Figure 6. Overexpression of Phosphoenolpyruvate Carboxykinase 1 Boosts Ca2+-NFAT Signaling and Tumoricidal Activities of Tumor-Specific CD4+ T Cells.

(A) Illustration of the metabolic function of PCK1 in converting OAA to PEP.

(B–D) CD4+ T cells were transduced with control (Ctrl) or PCK-1 overexpressing (PCK1-OE) RVs. (B) Intracellular PEP levels were measured after culturing the RV-transduced cells for 1 hr in the indicated conditions using a fluorescence-based assay. (C) Intracellular Ca²⁺ levels were measured in the transduced CD4⁺ T cells cultured in 10 mM or 0.1 mM glucose before and after activation with ionomycin.

(D) The cytoplasmic versus nuclear distribution of NFAT1 was determined in the RV-transduced CD4⁺ T cells stimulated with ionomycin in 10 mM glucose or 0.1 mM glucose for 10 min by Amnis Imagestream as described in Figure 5G.
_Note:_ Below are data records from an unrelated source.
Lemma Ropp_mult_le_Rabs (a b d : R) : Rabs b <= d -> - (a * b) <= Rabs a * d.
Proof.
  intro Hb. assert (Hab : - (a * b) <= Rabs (a * b)) by (rewrite <- Rabs_Ropp; apply RRle_abs).
  rewrite Rabs_mult in Hab.
  assert (Rabs a * Rabs b <= Rabs a * d) by (apply Rmult_le_compat_l; [apply Rabs_pos | exact Hb]).
  lra.
Qed.

(* For s ≤ 2M + 1 the excess d (1 + 4 s) is at most e²; for larger s it is at most
   8 d x, so that y ≤ x + 4 d. *)
Lemma le_add_of_sqr_le (M x y s d e : R) :
  0 <= x -> 0 <= y -> 0 <= s -> 0 <= d -> d <= e / 4 -> d * (9 + 8 * M) <= e * e ->
  s - M <= x -> y * y <= x * x + d * (1 + 4 * s) -> y <= x + e.
Proof.
  intros x0 y0 s0 d0 de dM Xs Y.
  destruct (Rle_dec s (2 * M + 1)) as [Ls | Gs].
  - assert (d * (1 + 4 * s) <= e * e) by (eapply Rle_trans; [| exact dM]; nra).
    apply Rsqr_incr_0_var; unfold Rsqr; nra.
  - assert (d * (1 + 4 * s) <= 8 * d * x) by nra.
    assert (y <= x + 4 * d) by (apply Rsqr_incr_0_var; unfold Rsqr; nra).
    lra.
Qed.

Lemma profile_tolerance (M e : R) : 0 <= M -> 0 < e ->
  exists d, 0 < d /\ d <= e / 4 /\ d * (9 + 8 * M) <= e * e.
Proof.
  intros M0 e0. exists (Rmin (e / 4) (e * e / (9 + 8 * M))). split; [| split].
  - apply Rmin_glb_lt; [lra | apply Rdiv_lt_0_compat; nra].
  - apply Rmin_l.
  - apply Rle_trans with (e * e / (9 + 8 * M) * (9 + 8 * M));
      [apply Rmult_le_compat_r; [lra | apply Rmin_r] | right; field; lra].
Qed.

Section HilbertSpace.
Variable H : Hilbert.

Lemma hadd_0l (x : H) : hadd H (hzero H) x = x.
Proof. rewrite hadd_comm. apply hadd_0. Qed.

Lemma hadd_cancel_l (x y z : H) : hadd H x y = hadd H x z -> y = z.
Proof.
  intro E.
  assert (E2 : hadd H (hopp H x) (hadd H x y) = hadd H (hopp H x) (hadd H x z)) by now rewrite E.
  rewrite !hadd_assoc, (hadd_comm H (hopp H x) x), hadd_opp, !hadd_0l in E2. exact E2.
Qed.

Lemma hopp_unique (x y : H) : hadd H x y = hzero H -> y = hopp H x.
Proof. intro E. apply (hadd_cancel_l x). now rewrite E, hadd_opp. Qed.

Lemma hadd_idem_0 (x : H) : hadd H x x = x -> x = hzero H.
Proof. intro E. apply (hadd_cancel_l x). now rewrite E, hadd_0. Qed.

Lemma hscal_0 (x : H) : hscal H C0 x = hzero H.
Proof. apply hadd_idem_0. rewrite <- hscal_adds. f_equal. apply Cx_ext; simpl; lra. Qed.

Lemma hscal_m1 (x : H) : hscal H (mkC (-1) 0) x = hopp H x.
Proof.
  apply hopp_unique. rewrite <- (hscal_1 H x) at 1. rewrite <- hscal_adds, <- (hscal_0 x).
  f_equal. apply Cx_ext; simpl; lra.
Qed.

Lemma hinner_0l (y : H) : hinner H (hzero H) y = C0.
Proof.
  assert (E := hinner_add_l H (hzero H) (hzero H) y). rewrite hadd_0 in E.
  destruct (hinner H (hzero H) y) as [a b]. unfold Cadd in E; simpl in E.
  injection E; intros; apply Cx_ext; simpl; lra.
Qed.

Lemma hinner_opp_l (x y : H) : hinner H (hopp H x) y = Copp (hinner H x y).
Proof.
  assert (E := hinner_add_l H x (hopp H x) y). rewrite hadd_opp, hinner_0l in E.
  destruct (hinner H x y) as [a b]; destruct (hinner H (hopp H x) y) as [c d].
  unfold Cadd, C0 in E; simpl in E. injection E; intros; apply Cx_ext; simpl; lra.
Qed.

Lemma Re_hinner_sym (x y : H) : Re (hinner H y x) = Re (hinner H x y).
Proof. now rewrite hinner_sym. Qed.

Lemma Im_hinner_sym (x y : H) : Im (hinner H y x) = - Im (hinner H x y).
Proof. now rewrite hinner_sym. Qed.

Lemma Im_hinner_self (x : H) : Im (hinner H x x) = 0.
Proof. assert (E := Im_hinner_sym x x). lra. Qed.

Lemma hinner_add_r (x y z : H) :
  hinner H x (hadd H y z) = Cadd (hinner H x y) (hinner H x z).
Proof.
  apply Cx_ext.
  - rewrite Re_hinner_sym, hinner_add_l. simpl. now rewrite !(Re_hinner_sym x).
  - rewrite Im_hinner_sym, hinner_add_l. simpl. rewrite !(Im_hinner_sym _ x). lra.
Qed.

Lemma hinner_scal_r (a : Cx) (x y : H) :
  hinner H x (hscal H a y) = Cmul (Cconj a) (hinner H x y).
Proof.
  apply Cx_ext.
  - rewrite Re_hinner_sym, hinner_scal_l. simpl. rewrite (Re_hinner_sym x), (Im_hinner_sym x). lra.
  - rewrite Im_hinner_sym, hinner_scal_l. simpl. rewrite (Re_hinner_sym x), (Im_hinner_sym x). lra.
Qed.

Lemma hinner_opp_r (x y : H) : hinner H x (hopp H y) = Copp (hinner H x y).
Proof.
  apply Cx_ext.
  - rewrite Re_hinner_sym, hinner_opp_l. simpl. now rewrite Re_hinner_sym.
  - rewrite Im_hinner_sym, hinner_opp_l. simpl. rewrite Im_hinner_sym. lra.
Qed.

Lemma hinner_0r (y : H) : hinner H y (hzero H) = C0.
Proof.
  apply Cx_ext.
  - now rewrite Re_hinner_sym, hinner_0l.
  - rewrite Im_hinner_sym, hinner_0l. simpl. lra.
Qed.

Lemma Re_hinner_add_self (x y : H) :
  Re (hinner H (hadd H x y) (hadd H x y)) =
  Re (hinner H x x) + 2 * Re (hinner H x y) + Re (hinner H y y).
Proof. rewrite hinner_add_l, !hinner_add_r. simpl. rewrite (Re_hinner_sym x y). lra. Qed.

Lemma Re_hinner_scal_l (c : Cx) (x y : H) :
  Re (hinner H (hscal H c x) y) = Re c * Re (hinner H x y) - Im c * Im (hinner H x y).
Proof. now rewrite hinner_scal_l. Qed.

Lemma Re_hinner_scal_r (c : Cx) (x y : H) :
  Re (hinner H x (hscal H c y)) = Re c * Re (hinner H x y) + Im c * Im (hinner H x y).
Proof. rewrite hinner_scal_r. simpl. lra. Qed.

Lemma Re_hinner_scal_self (c : Cx) (x : H) :
  Re (hinner H (hscal H c x) (hscal H c x)) = (Re c * Re c + Im c * Im c) * Re (hinner H x x).
Proof. rewrite hinner_scal_l, hinner_scal_r. simpl. rewrite Im_hinner_self. ring. Qed.

Lemma Re_hinner_self_eq0 (y : H) : Re (hinner H y y) = 0 -> y = hzero H.
Proof. intro E. apply hinner_def, Cx_ext; [exact E | apply Im_hinner_self]. Qed.

Lemma hnorm_ge0 (x : H) : 0 <= hnorm x.
Proof. apply sqrt_pos. Qed.

Lemma hnorm_sqr (x : H) : hnorm x * hnorm x = Re (hinner H x x).
Proof. apply sqrt_sqrt, hinner_pos. Qed.

Lemma Re_cauchy_schwarz (x y : H) : Rabs (Re (hinner H x y)) <= hnorm x * hnorm y.
Proof.
  set (r := Re (hinner H x y)).
  assert (Hp := hnorm_sqr x). assert (Hq := hnorm_sqr y).
  assert (p0 := hnorm_ge0 x). assert (q0 := hnorm_ge0 y).
  destruct (Req_dec (Re (hinner H y y)) 0) as [Hb | Hb].
  { apply Re_hinner_self_eq0 in Hb. unfold r. rewrite Hb, hinner_0r. simpl.
    rewrite Rabs_R0. apply Rmult_le_pos; apply hnorm_ge0. }
  assert (b0 : 0 < Re (hinner H y y)) by (assert (T := hinner_pos H y); lra).
  (* positivity of ‖x + t y‖² at the minimising real t *)
  set (t := - r / Re (hinner H y y)).
  assert (Q := hinner_pos H (hadd H x (hscal H (mkC t 0) y))).
  rewrite Re_hinner_add_self, Re_hinner_scal_r, Re_hinner_scal_self in Q. simpl in Q. fold r in Q.
  assert (Hrr : r * r <= Re (hinner H x x) * Re (hinner H y y)).
  { unfold t in Q. field_simplify in Q; [|lra].
    apply Rmult_le_compat_r with (r := Re (hinner H y y)) in Q; [|lra].
    unfold Rdiv in Q. rewrite Rmult_assoc, Rinv_l, Rmult_1_r in Q by lra. nra. }
  rewrite <- Hp, <- Hq in Hrr.
  apply Rsqr_incr_0_var; [rewrite <- Rsqr_abs; unfold Rsqr; nra | nra].
Qed.

Lemma hnorm_scal (c : Cx) (x : H) :
  hnorm (hscal H c x) = sqrt (Re c * Re c + Im c * Im c) * hnorm x.
Proof. unfold hnorm. rewrite Re_hinner_scal_self. apply sqrt_mult_alt. nra. Qed.

Lemma hnorm_scal_real (t : R) (x : H) : hnorm (hscal H (mkC t 0) x) = Rabs t * hnorm x.
Proof.
  rewrite hnorm_scal. simpl. f_equal.
  replace (t * t + 0 * 0) with (Rsqr t) by (unfold Rsqr; ring). apply sqrt_Rsqr_abs.
Qed.

Lemma Im_cauchy_schwarz (x y : H) : Rabs (Im (hinner H x y)) <= hnorm x * hnorm y.
Proof.
  assert (E : Im (hinner H x y) = Re (hinner H (hscal H (mkC 0 (-1)) x) y))
    by (rewrite Re_hinner_scal_l; simpl; ring).
  assert (N : hnorm (hscal H (mkC 0 (-1)) x) = hnorm x)
    by (unfold hnorm; rewrite Re_hinner_scal_self; simpl; f_equal; ring).
  rewrite E, <- N. apply Re_cauchy_schwarz.
Qed.

Lemma hnorm_triangle (x y : H) : hnorm (hadd H x y) <= hnorm x + hnorm y.
Proof.
  assert (E := Re_hinner_add_self x y). rewrite <- !hnorm_sqr in E.
  assert (C : Re (hinner H x y) <= hnorm x * hnorm y)
    by (eapply Rle_trans; [apply RRle_abs | apply Re_cauchy_schwarz]).
  assert (p0 := hnorm_ge0 x). assert (q0 := hnorm_ge0 y).
  apply Rsqr_incr_0_var; [unfold Rsqr; rewrite E; nra | lra].
Qed.

Lemma hnorm_opp (x : H) : hnorm (hopp H x) = hnorm x.
Proof. unfold hnorm. rewrite hinner_opp_l, hinner_opp_r. simpl. f_equal. ring. Qed.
(E–H) Melanoma-specific Trp-1⁺ CD4⁺ T cells transduced with Ctrl or PCK-1-OE RVs were adoptively transferred into B16 melanoma-bearing mice. (E and F) Three days later, the donor Trp-1⁺ CD4⁺ T cells (E) or TAMs (F) were isolated from the indicated tissues and analyzed for expression of the indicated proteins by flow cytometry. Rates of tumor growth (G) and animal survival (H) were determined over time.

Data shown are representative of two (D) and three (C) independent experiments or cumulative of two (F) (n = 2–3 mice/group/experiment), three (B, E) (n = 2–3 mice/group/experiment), and four (G and H) independent experiments (n = 3–4 mice/group/experiment). Data are expressed as mean ± SD (B and F) or mean ± SEM (E) and *p < 0.05 by unpaired Student's t test.